The company’s performance is negatively impacted by macroeconomic pressures and inconsistent demand, particularly in international markets. In the second quarter of 2024, net sales amounted to $148.6 million, reflecting an 11% decline compared to the previous year. The decline was largely attributed to year-over-year soft sales in the Toys/Consumer Products segment due to lower sales in North America and softer Disney sales, accompanied by a fall in Costumes sales due to reduced orders from select recurring costumes. For the quarter, Toys/Consumer Products segment sales were down 11.3% globally, and sales of Costumes were down 10.1% year over year. The downtrend was backed by a lack of new film releases.

While JAKKS Pacific has a strong slate of product launches planned for the second half of 2024, including toys linked to major movie franchises like Disney’s Moana 2 and Sega’s Sonic the Hedgehog 3, it’s unclear whether the new releases will be enough to reverse the current downward trend in sales.

One of the key weaknesses in JAKKS Pacific's recent performance is its international segment. During the second quarter, International sales dropped 31.1% year over year to $16.5 million. The company cited logistics issues in Asia and a content-light first half as reasons for the downturn. These factors, combined with macroeconomic headwinds and inconsistent consumer demand in key international markets, have significantly weighed on JAKKS’ ability to grow outside of North America.
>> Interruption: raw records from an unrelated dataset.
From mathcomp Require Import all_boot all_order all_algebra.
From mathcomp Require Import all_classical all_reals all_analysis.
From mathcomp Require Import ring lra.
Import Order.TTheory GRing.Theory Num.Theory.
Import numFieldNormedType.Exports.
Local Open Scope ring_scope.

(* Block-Lipschitz continuity of the gradient along every pair of coordinates
   gives the descent inequality
     f (x + a e_i + b e_j) <= f x + a d_i f x + b d_j f x + L2/2 (a^2 + b^2).
   The values f (x^k) decrease, so f x^* is below every f (x^k) and, by
   continuity, below every value the greedy step could reach from x^*: when
   ||x^*||_0 < s this is every f (x^* + t e_j), and when ||x^*||_0 = s every swap
   f (x^* - x^*_i e_i + t e_j) with x^*_i <> 0 (nearby iterates have the same
   support as x^*, hence ||x^k||_0 = s).  Feeding these minimality properties
   into the descent inequality yields d_i f x^* = 0 on the support, and, choosing
   i with |x^*_i| = M_s x^*, the bound |d_j f x^*| <= L2 M_s x^* off the support. *)

Lemma norm_dot2_le {R : rcfType} (a b A B : R) :
  `|a * A + b * B| <= Num.sqrt (a ^+ 2 + b ^+ 2) * Num.sqrt (A ^+ 2 + B ^+ 2).
Proof.
rewrite -sqrtrM ?addr_ge0 ?sqr_ge0 // -sqrtr_sqr ler_sqrt ?mulr_ge0 ?addr_ge0 ?sqr_ge0 //.
rewrite -subr_ge0.
have -> : (a ^+ 2 + b ^+ 2) * (A ^+ 2 + B ^+ 2) - (a * A + b * B) ^+ 2 =
  (a * B - b * A) ^+ 2 by ring.
exact: sqr_ge0.
Qed.

(* Evaluate the hypothesis at its minimiser t = - g / L (for L <> 0). *)
Lemma norm_le_of_quadratic_ge0 {R : realFieldType} (g L a : R) : 0 <= L ->
  (forall t, 0 <= t * g + L / 2 * (a ^+ 2 + t ^+ 2)) -> `|g| <= L * `|a|.
Proof.
move=> L0 H.
suff g2 : g ^+ 2 <= L ^+ 2 * a ^+ 2.
  have : `|g| ^+ 2 <= (L * `|a|) ^+ 2 by rewrite exprMn !real_normK ?num_real.
  by rewrite ler_sqr // ?nnegrE ?mulr_ge0.
have [L00|Ln0] := eqVneq L 0.
  have := H (- g); rewrite L00 !mul0r addr0 mulNr oppr_ge0 -expr2 => g2.
  by rewrite expr0n /= mul0r.
have Lp : 0 < L by rewrite lt_def Ln0.
have := H (- g / L).
have -> : - g / L * g + L / 2 * (a ^+ 2 + (- g / L) ^+ 2) =
   (L ^+ 2 * a ^+ 2 - g ^+ 2) / (2 * L) by field; rewrite Ln0.
by rewrite pmulr_lge0 ?subr_ge0 // invr_gt0 mulr_gt0.
Qed.

Lemma count_gt0_sorted_le {R : realDomainType} (l : seq R) k :
  sorted (fun a b : R => b <= a) l -> nth 0 l k <= 0 ->
  (count (fun a : R => (0 < a)%R) l <= k)%N.
Proof.
elim: l k => [|a l IH] k //= sorted_al.
have sorted_l : sorted (fun a b : R => b <= a) l by exact: path_sorted sorted_al.
case: k => [|k] /= hk; last first.
  by apply: leq_trans (leq_add (leq_b1 _) (IH k sorted_l hk)) _; rewrite add1n.
have le_a := order_path_min (fun y x z (h1 : y <= x) (h2 : z <= y) => le_trans h2 h1) sorted_al.
rewrite (le_gtF hk) add0n leqn0 eqn0Ngt -has_count; apply/hasPn => b bl.
by rewrite -leNgt; apply: le_trans (allP le_a b bl) hk.
Qed.

Lemma poly2_is_derive {R : realType} (c q u : R) :
  is_derive u 1 (fun v : R => v * c + v ^+ 2 * q) (c + 2 * u * q).
Proof.
change (is_derive u 1 ((@id R) * cst c + (@id R) ^+ 2 * cst q) (c + 2 * u * q)).
apply: is_derive_eq.
rewrite !scaler0 !add0r /cst /= expr1.
rewrite -[c%:A]/(c * 1) -[(2 * u)%:A]/((2 * u) * 1).
rewrite -[_ *: (_ * 1)]/(q * ((2 * u) * 1)).
by rewrite !mulr1 mulrC.
Qed.

Section Vectors.
Context {R : realType} {n : nat}.
Implicit Types (x y : 'rV[R]_n) (i j k : 'I_n).

Lemma exists_ord_neq : (1 < n)%N -> forall i : 'I_n, exists j, i != j.
Proof.
move=> n1 i; pose i0 : 'I_n := Ordinal (ltnW n1); pose i1 : 'I_n := Ordinal n1.
by have [->|] := eqVneq i i0; [exists i1 | exists i0].
Qed.

Lemma evec2E i j k (a b : R) :
  (a *: evec R i + b *: evec R j) 0 k = a * (k == i)%:R + b * (k == j)%:R.
Proof. by rewrite /evec !mxE eqxx. Qed.

Lemma coord_le_enorm x i : `|x 0 i| <= enorm x.
Proof.
rewrite /enorm -(sqrtr_sqr (x 0 i)) ler_sqrt; last first.
  by rewrite sumr_ge0 // => k _; rewrite sqr_ge0.
by rewrite (bigD1 i) //= lerDl sumr_ge0 // => k _; rewrite sqr_ge0.
Qed.

Lemma normr_le_enorm x : `|x| <= enorm x.
Proof.
rewrite [leLHS]/Num.Def.normr /= mx_normrE.
apply: bigmax_le; first by rewrite /enorm sqrtr_ge0.
by case=> a b _ /=; rewrite (ord1 a); exact: coord_le_enorm.
Qed.

Lemma enorm_evec2 i j (a b : R) : i != j ->
  enorm (a *: evec R i + b *: evec R j) = Num.sqrt (a ^+ 2 + b ^+ 2).
Proof.
move=> ij; rewrite /enorm; congr Num.sqrt.
rewrite (bigD1 i) //= (bigD1 j) 1?eq_sym //= big1; last first.
  move=> k /andP[ki kj]; rewrite evec2E (negbTE ki) (negbTE kj).
  by rewrite !mulr0 addr0 expr0n.
rewrite !evec2E !eqxx (negbTE ij) (eq_sym j i) (negbTE ij) /=; ring.
Qed.

Lemma l0_evec2 i j (a b : R) : (l0 (a *: evec R i + b *: evec R j) <= 2)%N.
Proof.
have supp : [pred k | (a *: evec R i + b *: evec R j) 0 k != 0] \subset [set i; j].
  apply/fintype.subsetP => k; rewrite !inE evec2E.
  by case: (k == i); case: (k == j); rewrite ?mulr0 ?addr0 ?eqxx //= orbT.
by apply: leq_trans (subset_leq_card supp) _; rewrite cards2; case: (i != j).
Qed.

Lemma l0_le_support {x y} :
  (forall i, x 0 i != 0 -> y 0 i != 0) -> (l0 x <= l0 y)%N.
Proof.
by move=> xy; apply: subset_leq_card; apply/fintype.subsetP => i; rewrite !inE; exact: xy.
Qed.

Lemma l0_ltP {x y} : (l0 x < l0 y)%N -> exists i, y 0 i != 0 /\ x 0 i = 0.
Proof.
move=> lt_xy; apply: contrapT => nex.
suff : (l0 y <= l0 x)%N by rewrite leqNgt lt_xy.
apply: l0_le_support => i yi; apply/negP => /eqP xi.
by apply: nex; exists i.
Qed.

Lemma Ms_ge0 s x : 0 <= Ms s x.
Proof.
rewrite /Ms; set srt := sort _ _.
have [lt_s|] := ltnP s.-1 (size srt); last by move=> le_s; rewrite nth_default.
have : nth 0 srt s.-1 \in srt by exact: mem_nth.
by rewrite mem_sort => /mapP [i _ ->].
Qed.

Lemma Ms_attained {s x} :
  (0 < s)%N -> (s <= l0 x)%N -> exists i, x 0 i != 0 /\ `|x 0 i| = Ms s x.
Proof.
move=> s0 sx; rewrite /Ms; set L := [seq _ | _ <- _]; set srt := sort _ L.
have size_srt : size srt = n by rewrite size_sort size_map size_enum_ord.
have l0n : (l0 x <= n)%N by rewrite /l0 -[X in (_ <= X)%N]card_ord max_card.
have lt_s : (s.-1 < size srt)%N.
  by rewrite size_srt; apply: leq_trans l0n; rewrite prednK.
have : nth 0 srt s.-1 \in srt by exact: mem_nth.
rewrite mem_sort => /mapP [i _ srt_i]; exists i; split; last by rewrite srt_i.
apply/negP => /eqP xi0.
have : (count (fun a : R => (0 < a)%R) srt <= s.-1)%N.
  apply: count_gt0_sorted_le; first by apply: sort_sorted => a b; exact: le_total.
  by rewrite srt_i xi0 normr0.
have -> : count (fun a : R => (0 < a)%R) srt = l0 x.
  rewrite (permP (permEl (perm_sort _ L))) count_map /l0 cardE size_filter -enumT.
  by apply: eq_count => k /=; rewrite normr_gt0 unfold_in.
by move=> H; move: (leq_trans sx H); rewrite -ltnS prednK // ltnn.
Qed.

Lemma swap_continuous i j (t : R) (z : 'rV[R]_n) :
  {for z, continuous (fun y : 'rV[R]_n => y - y 0 i *: evec R i + t *: evec R j)}.
Proof.
apply: (@continuousD _ _ _ (fun y : 'rV[R]_n => y - y 0 i *: evec R i)
  (fun _ => t *: evec R j)); last exact: cst_continuous.
apply: (@continuousB _ _ _ id (fun y : 'rV[R]_n => y 0 i *: evec R i)); first exact: cvg_id.
by apply: (@continuousZr_tmp _ _ _ (fun y : 'rV[R]_n => y 0 i)); exact: coord_continuous.
Qed.

Lemma near_coord_neq0 {z : 'rV[R]_n} {i} : z 0 i != 0 ->
  \forall y \near z, (y : 'rV[R]_n) 0 i != 0.
Proof.
move=> zi.
have := (cvgrPdist_lt _ _).1 (@coord_continuous R 1 n 0 i z) `|z 0 i|.
rewrite normr_gt0 => /(_ _ zi).
by apply: filterS => y lt_y; apply/eqP => y0; move: lt_y; rewrite y0 subr0 ltxx.
Qed.

Lemma near_support (z : 'rV[R]_n) :
  \forall y \near z, forall i, z 0 i != 0 -> (y : 'rV[R]_n) 0 i != 0.
Proof.
apply: (@filter_forall _ _ (fun i (y : 'rV[R]_n) => z 0 i != 0 -> y 0 i != 0) (nbhs z)) => i.
have [zi|zi] := eqVneq (z 0 i) 0; first by apply: nearW.
by move: (near_coord_neq0 zi); apply: filterS => y yi _.
Qed.

Lemma accumulation_near {xs : nat -> 'rV[R]_n} {xstar : 'rV[R]_n} {P : 'rV[R]_n -> Prop} :
  accumulation_point xs xstar -> (\forall y \near xstar, P y) ->
  forall N, exists m, (N <= m)%N /\ P (xs m).
Proof.
move=> acc /nbhs_normP [e e0 ball_P] N.
have [m [Nm xs_m]] := acc e e0 N.
exists m; split => //; apply: ball_P => /=.
by rewrite distrC; apply: le_lt_trans xs_m; exact: normr_le_enorm.
Qed.

End Vectors.

Section Descent.
Context {R : realType} {n : nat} {f : 'rV[R]_n -> R} {L2 : R}.
Hypotheses (df : forall x, differentiable f x) (f_L2 : L2_bound f L2).
Implicit Types (x : 'rV[R]_n) (i j : 'I_n) (a b t : R).

Lemma L2_bound_ge0 : (1 < n)%N -> 0 <= L2.
Proof.
move=> n1; have [j ij] := exists_ord_neq n1 (Ordinal (ltnW n1)).
have := f_L2 _ _ ij 0 _ (l0_evec2 (Ordinal (ltnW n1)) j 1 0).
rewrite enorm_evec2 // expr1n expr0n /= addr0 sqrtr1 mulr1.
by apply: le_trans; exact: sqrtr_ge0.
Qed.

Lemma derive_evec2 y i j a b :
  'D_(a *: evec R i + b *: evec R j) f y = a * partial f i y + b * partial f j y.
Proof. by rewrite deriveE // linearD !linearZ /= /partial !deriveE. Qed.

Lemma is_derive_along x (d : 'rV[R]_n) (u : R) :
  is_derive u 1 (fun u : R => f (x + u *: d)) ('D_d f (x + u *: d)).
Proof.
have E : (fun h : R => h^-1 *: (((fun u : R => f (x + u *: d)) \o shift u) (h *: 1)
                               - f (x + u *: d))) =
         (fun h : R => h^-1 *: ((f \o shift (x + u *: d)) (h *: d) - f (x + u *: d))).
  apply/funext => h /=; congr (_ *: (f _ - _)).
  by rewrite /shift /= -[h%:A]/(h * 1) mulr1 scalerDl addrCA.
split; first by rewrite /derivable E; exact: diff_derivable.
by rewrite /derive E.
Qed.

Lemma derive_evec2_increment x i j a b c : i != j -> 0 <= c ->
  'D_(a *: evec R i + b *: evec R j) f (x + c *: (a *: evec R i + b *: evec R j))
  - 'D_(a *: evec R i + b *: evec R j) f x <= c * (L2 * (a ^+ 2 + b ^+ 2)).
Proof.
move=> ij c0; set d := a *: evec R i + b *: evec R j; rewrite !derive_evec2.
set Di := partial f i x - partial f i (x + c *: d).
set Dj := partial f j x - partial f j (x + c *: d).
have -> : a * partial f i (x + c *: d) + b * partial f j (x + c *: d) -
    (a * partial f i x + b * partial f j x) = - (a * Di + b * Dj) by rewrite /Di /Dj; ring.
apply: le_trans (ler_norm _) _; rewrite normrN.
apply: le_trans (norm_dot2_le _ _ _ _) _.
have cd : c *: d = (c * a) *: evec R i + (c * b) *: evec R j by rewrite scalerDr !scalerA.
set S := Num.sqrt (a ^+ 2 + b ^+ 2).
have norm_D : Num.sqrt (Di ^+ 2 + Dj ^+ 2) <= L2 * (c * S).
  have := f_L2 _ _ ij x _ (l0_evec2 i j (c * a) (c * b)).
  by rewrite enorm_evec2 // -cd !exprMn -mulrDr sqrtrM ?sqr_ge0 // sqrtr_sqr ger0_norm.
apply: le_trans (ler_wpM2l (sqrtr_ge0 _) norm_D) _.
have -> : S * (L2 * (c * S)) = c * (L2 * S ^+ 2) by ring.
by rewrite sqr_sqrtr ?addr_ge0 ?sqr_ge0.
Qed.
JAKKS Pacific has been increasing its spending on infrastructure and SG&A (Selling, General, and Administrative) expenses, particularly in Europe and Mexico. While the investments are aimed at long-term growth, they contribute to higher expenses in the short term. This can make its financials look less appealing, especially in lighter quarters. The company acknowledges that the investments are not a straight line to success and involve a degree of testing and learning. This further paves a path for risk and uncertainty. Investors should be wary of these elevated expenses and their impact on the bottom line.